– К вам, Тамара Петровна, композитор приехал?
Причем отец даже не догадывался о том, что после «ми» идет «фа», не говоря уже о том, что где-то гуляет «ре-диез». Другое дело я. Я уже знала гаммы. Но умение перечислить их от «до» до «до» так и осталось вершиной моей музыкальной деятельности. Занятно проходили экзамены в музыкальную школу. Мы жили тогда в Свердловске и ходили в первый класс. Детям из такой семьи, как наша, было положено по статусу музыкальное образование.
Приодев меня с Леной на соответствующий праздничный манер и заплетя каждой по четыре косички – «двое сбоку – ваших нет», – мама отвела нас на экзамен. Развернув меня спиной к инструменту, чтобы я ничего не видела, а только слышала, вслед за отзвучавшим аккордом комиссия приветливо поинтересовалась, какое количество звуков я могу назвать. После моего быстрого ответа они выдали такое изумленное «О!», что я тотчас поняла, что не угадала. Определенно я услышала, что этих самых звуков клацнуло больше, чем один, и, как те аборигены, у которых после «одного» идет «много», бодро ответила: «десять». В итоге меня приняли, и Алену тоже. Я и сейчас могу сыграть для вас по нотам «О, соле мио!».
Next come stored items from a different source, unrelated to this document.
(* For $n\ge2$ and all $P,Q\in\Gamma_n$, $D_{h\Delta}(P\|Q)\le \frac34 D_{J\Delta}(P\|Q)$.
   Context: $\Gamma_n=\{P=(p_1,\dots,p_n): p_i>0,\ \sum p_i=1\}$. $h(P\|Q)=\frac12\sum_{i=1}^n(\sqrt{p_i}-\sqrt{q_i})^2$; $\Delta(P\|Q)=\sum_{i=1}^n\frac{(p_i-q_i)^2}{p_i+q_i}$; $J(P\|Q)=\sum_{i=1}^n(p_i-q_i)\ln\frac{p_i}{q_i}$. $D_{h\Delta}=h-\frac14\Delta$, $D_{J\Delta}=\frac18J-\frac14\Delta$. *)

(* concrete reals R. A distribution on n points is a function
   p : nat -> R, with only the values at indices 0..n-1 relevant. *)
From Stdlib Require Import Reals.
Open Scope R_scope.

Fixpoint rsum (n : nat) (f : nat -> R) : R :=
  match n with
  | O => 0
  | S m => rsum m f + f m
  end.

Definition Gamma (n : nat) (p : nat -> R) : Prop :=
  (forall i, (i < n)%nat -> 0 < p i) /\ rsum n p = 1.

Definition hellinger (n : nat) (p q : nat -> R) : R :=
  / 2 * rsum n (fun i => (sqrt (p i) - sqrt (q i)) ^ 2).

Definition triangular (n : nat) (p q : nat -> R) : R :=
  rsum n (fun i => (p i - q i) ^ 2 / (p i + q i)).

Definition jdiv (n : nat) (p q : nat -> R) : R :=
  rsum n (fun i => (p i - q i) * ln (p i / q i)).

Definition D_hDelta (n : nat) (p q : nat -> R) : R :=
  hellinger n p q - / 4 * triangular n p q.

Definition D_JDelta (n : nat) (p q : nat -> R) : R :=
  / 8 * jdiv n p q - / 4 * triangular n p q.

(* The inequality holds term by term: with [a = s^2], [b = t^2] and [x = s/t], the
   summand difference is, up to the factor [t^2/32], [6 (x^2-1) ln x - 16 (x-1)^2
   + 2 (x^2-1)^2/(x^2+1)] = [6 (x+1) (x-1) g x] with
   [g x = ln x - (8 (x-1)/(x+1) - (x^2-1)/(x^2+1)) / 3].  Now [g 1 = 0] and
   [g' x = (x-1)^4 (3x^2+2x+3) / (3x (x+1)^2 (x^2+1)^2) >= 0], so [g] has the sign
   of [x - 1]. *)
From Stdlib Require Import Reals Lra Psatz.
From Coquelicot Require Import Coquelicot.
Open Scope R_scope.

Lemma nondecreasing_of_derive_nonneg (f f' : R -> R) (a x y : R) :
  (forall z, a < z -> derivable_pt_lim f z (f' z)) ->
  (forall z, a < z -> 0 <= f' z) ->
  a < x -> x <= y -> f x <= f y.
Proof.
  intros Hder Hpos Hax Hxy.
  destruct (Rle_lt_or_eq_dec x y Hxy) as [Hlt | ->]; [| lra].
  destruct (MVT_cor2 f f' x y Hlt) as [c [Hmvt Hc]].
  { intros c Hc. apply Hder. lra. }
  assert (0 <= f' c * (y - x)) by (apply Rmult_le_pos; [apply Hpos | ]; lra).
  lra.
Qed.

Lemma nondecreasing_root_sign (f f' : R -> R) (a c x : R) :
  (forall z, a < z -> derivable_pt_lim f z (f' z)) ->
  (forall z, a < z -> 0 <= f' z) ->
  f c = 0 -> a < c -> a < x -> 0 <= (x - c) * f x.
Proof.
  intros Hder Hpos Hc Hac Hax.
  destruct (Rle_or_lt x c) as [Hxc | Hcx].
  - assert (f x <= f c) by (apply (nondecreasing_of_derive_nonneg f f' a); auto).
    nra.
  - assert (f c <= f x) by (apply (nondecreasing_of_derive_nonneg f f' a c x); auto; lra).
    nra.
Qed.

Definition ln_gap (x : R) : R :=
  ln x - (8 * (x - 1) / (x + 1) - (x ^ 2 - 1) / (x ^ 2 + 1)) / 3.

Definition ln_gap' (x : R) : R :=
  (x - 1) ^ 4 * (3 * x ^ 2 + 2 * x + 3) / (3 * x * (x + 1) ^ 2 * (x ^ 2 + 1) ^ 2).

Lemma ln_gap_derive x : 0 < x -> derivable_pt_lim ln_gap x (ln_gap' x).
Proof.
  intros Hx. apply is_derive_Reals. unfold ln_gap, ln_gap'.
  auto_derive.
  - repeat split; nra.
  - field. repeat split; nra.
Qed.

Lemma ln_gap'_nonneg x : 0 < x -> 0 <= ln_gap' x.
Proof.
  intros Hx. unfold ln_gap'. apply Rmult_le_pos.
  - apply Rmult_le_pos; [| nra].
    replace ((x - 1) ^ 4) with (((x - 1) ^ 2) ^ 2) by ring. apply pow2_ge_0.
  - left. apply Rinv_0_lt_compat.
    repeat apply Rmult_lt_0_compat; try apply pow_lt; nra.
Qed.

Lemma ln_gap_sign x : 0 < x -> 0 <= (x - 1) * ln_gap x.
Proof.
  intros Hx. apply (nondecreasing_root_sign ln_gap ln_gap' 0); auto.
  - exact ln_gap_derive.
  - exact ln_gap'_nonneg.
  - unfold ln_gap. rewrite ln_1. field.
  - lra.
Qed.

Lemma ln_ratio_lower_bound x : 0 < x ->
  16 * (x - 1) ^ 2 - 2 * (x ^ 2 - 1) ^ 2 / (x ^ 2 + 1) <= 6 * (x ^ 2 - 1) * ln x.
Proof.
  intros Hx. pose proof (ln_gap_sign x Hx) as Hsign.
  assert (E : 6 * (x ^ 2 - 1) * ln x - (16 * (x - 1) ^ 2 - 2 * (x ^ 2 - 1) ^ 2 / (x ^ 2 + 1))
              = 6 * (x + 1) * ((x - 1) * ln_gap x)).
  { unfold ln_gap. field. nra. }
  assert (0 <= 6 * (x + 1) * ((x - 1) * ln_gap x)) by (apply Rmult_le_pos; nra).
  lra.
Qed.

Lemma ln_ratio_lower_bound_hom s t : 0 < s -> 0 < t ->
  16 * (s - t) ^ 2 - 2 * (s ^ 2 - t ^ 2) ^ 2 / (s ^ 2 + t ^ 2)
  <= 6 * (s ^ 2 - t ^ 2) * ln (s / t).
Proof.
  intros Hs Ht.
  assert (Hx : 0 < s / t) by (apply Rdiv_lt_0_compat; lra).
  pose proof (Rmult_le_compat_l (t ^ 2) _ _ (pow2_ge_0 t) (ln_ratio_lower_bound _ Hx)) as K.
  replace (t ^ 2 * (16 * (s / t - 1) ^ 2 - 2 * ((s / t) ^ 2 - 1) ^ 2 / ((s / t) ^ 2 + 1)))
    with (16 * (s - t) ^ 2 - 2 * (s ^ 2 - t ^ 2) ^ 2 / (s ^ 2 + t ^ 2)) in K
    by (field; split; nra).
  replace (t ^ 2 * (6 * ((s / t) ^ 2 - 1) * ln (s / t)))
    with (6 * (s ^ 2 - t ^ 2) * ln (s / t)) in K by (field; lra).
  exact K.
Qed.

Lemma hDelta_le_JDelta_term a b : 0 < a -> 0 < b ->
  / 2 * (sqrt a - sqrt b) ^ 2 - / 4 * ((a - b) ^ 2 / (a + b))
  <= 3 / 32 * ((a - b) * ln (a / b)) - 3 / 16 * ((a - b) ^ 2 / (a + b)).
Proof.
  intros Ha Hb.
  assert (Hs : 0 < sqrt a) by (apply sqrt_lt_R0; lra).
  assert (Ht : 0 < sqrt b) by (apply sqrt_lt_R0; lra).
  pose proof (ln_ratio_lower_bound_hom _ _ Hs Ht) as K.
  rewrite !pow2_sqrt in K by lra.
  assert (El : ln (a / b) = 2 * ln (sqrt a / sqrt b)).
  { assert (Hab : 0 < a / b) by (apply Rdiv_lt_0_compat; lra).
    rewrite <- sqrt_div_alt by lra.
    rewrite <- (pow2_sqrt (a / b)) at 1 by lra.
    rewrite ln_pow by (apply sqrt_lt_R0; lra). simpl. ring. }
  rewrite El.
  assert (0 < a + b) by lra.
  assert (E : 3 / 32 * ((a - b) * (2 * ln (sqrt a / sqrt b))) - 3 / 16 * ((a - b) ^ 2 / (a + b))
              - (/ 2 * (sqrt a - sqrt b) ^ 2 - / 4 * ((a - b) ^ 2 / (a + b)))
              = / 32 * (6 * (a - b) * ln (sqrt a / sqrt b)
                        - (16 * (sqrt a - sqrt b) ^ 2 - 2 * (a - b) ^ 2 / (a + b)))).
  { field. lra. }
  lra.
Qed.

Lemma rsum_lincomb n (f g : nat -> R) (a b : R) :
  rsum n (fun i => a * f i + b * g i) = a * rsum n f + b * rsum n g.
Proof. induction n as [| n IH]; simpl; [ring | rewrite IH; ring]. Qed.

Lemma rsum_le n (f g : nat -> R) :
  (forall i, (i < n)%nat -> f i <= g i) -> rsum n f <= rsum n g.
Proof.
  induction n as [| n IH]; intros Hfg; simpl; [lra |].
  assert (rsum n f <= rsum n g) by (apply IH; intros; apply Hfg; lia).
  assert (f n <= g n) by (apply Hfg; lia).
  lra.
Qed.

Theorem proposition5p4 (n : nat) (p q : nat -> R) :
  (2 <= n)%nat -> Gamma n p -> Gamma n q ->
  D_hDelta n p q <= 3 / 4 * D_JDelta n p q.
Proof.
  intros _ [Hp _] [Hq _].
  unfold D_hDelta, D_JDelta, hellinger, triangular, jdiv.
  set (H := fun i => (sqrt (p i) - sqrt (q i)) ^ 2).
  set (T := fun i => (p i - q i) ^ 2 / (p i + q i)).
  set (J := fun i => (p i - q i) * ln (p i / q i)).
  replace (/ 2 * rsum n H - / 4 * rsum n T)
    with (rsum n (fun i => / 2 * H i + - / 4 * T i)) by (rewrite rsum_lincomb; ring).
  replace (3 / 4 * (/ 8 * rsum n J - / 4 * rsum n T))
    with (rsum n (fun i => 3 / 32 * J i + - (3 / 16) * T i)) by (rewrite rsum_lincomb; field).
  apply rsum_le. intros i Hi.
  pose proof (hDelta_le_JDelta_term (p i) (q i) (Hp i Hi) (Hq i Hi)).
  unfold H, T, J. lra.
Qed.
Сольфеджио я посетила три или четыре раза. Как-то на одном из уроков учительница неосторожно предложила мне спеть с листа короткую музыкальную фразу. О чем я думала, упершись взглядом в притихшие черненькие кружочки, приклеенные к ножкам с завитушками и болтающиеся на разных проводах? Я бы еще смогла представить, что их можно рассматривать, но чтобы петь! Нет. Это было равносильно тому, как если бы вдруг запела тарелка с вермишелью. Не дождавшись моего выступления, учительница прошла дальше. Но безысходность – не мое кредо. Я моментально сделала соответствующий вывод, что на такие вещи, как сольфеджио, лучше вообще никогда не ходить. Я не могла связать изображение со звуком. Просто у меня не было абсолютно никакого слуха, в отличие от отца.
Из фокусов предпочтение отдавалось жонглированию. Отец жонглировал одновременно тремя предметами. Обычно это были апельсины, мандарины или яблоки. Иногда они действительно, каждый в свой черед, стартуя с его рук, возвращались назад, но уже на третий подброс все валились кто куда, закатываясь под диваны, и, как нарочно, в самые труднодоступные места. Их искали, возвращали фокуснику, и еще пару раз у него выходило ладно, но потом он начинал частить, и остальное все шло с «промазом». В программу домашних концертов входил еще один непростой фокус, когда отец пытался установить столовый нож вертикально концом лезвия на своем языке, не знаю для чего, но мама быстро пресекала этот фокус.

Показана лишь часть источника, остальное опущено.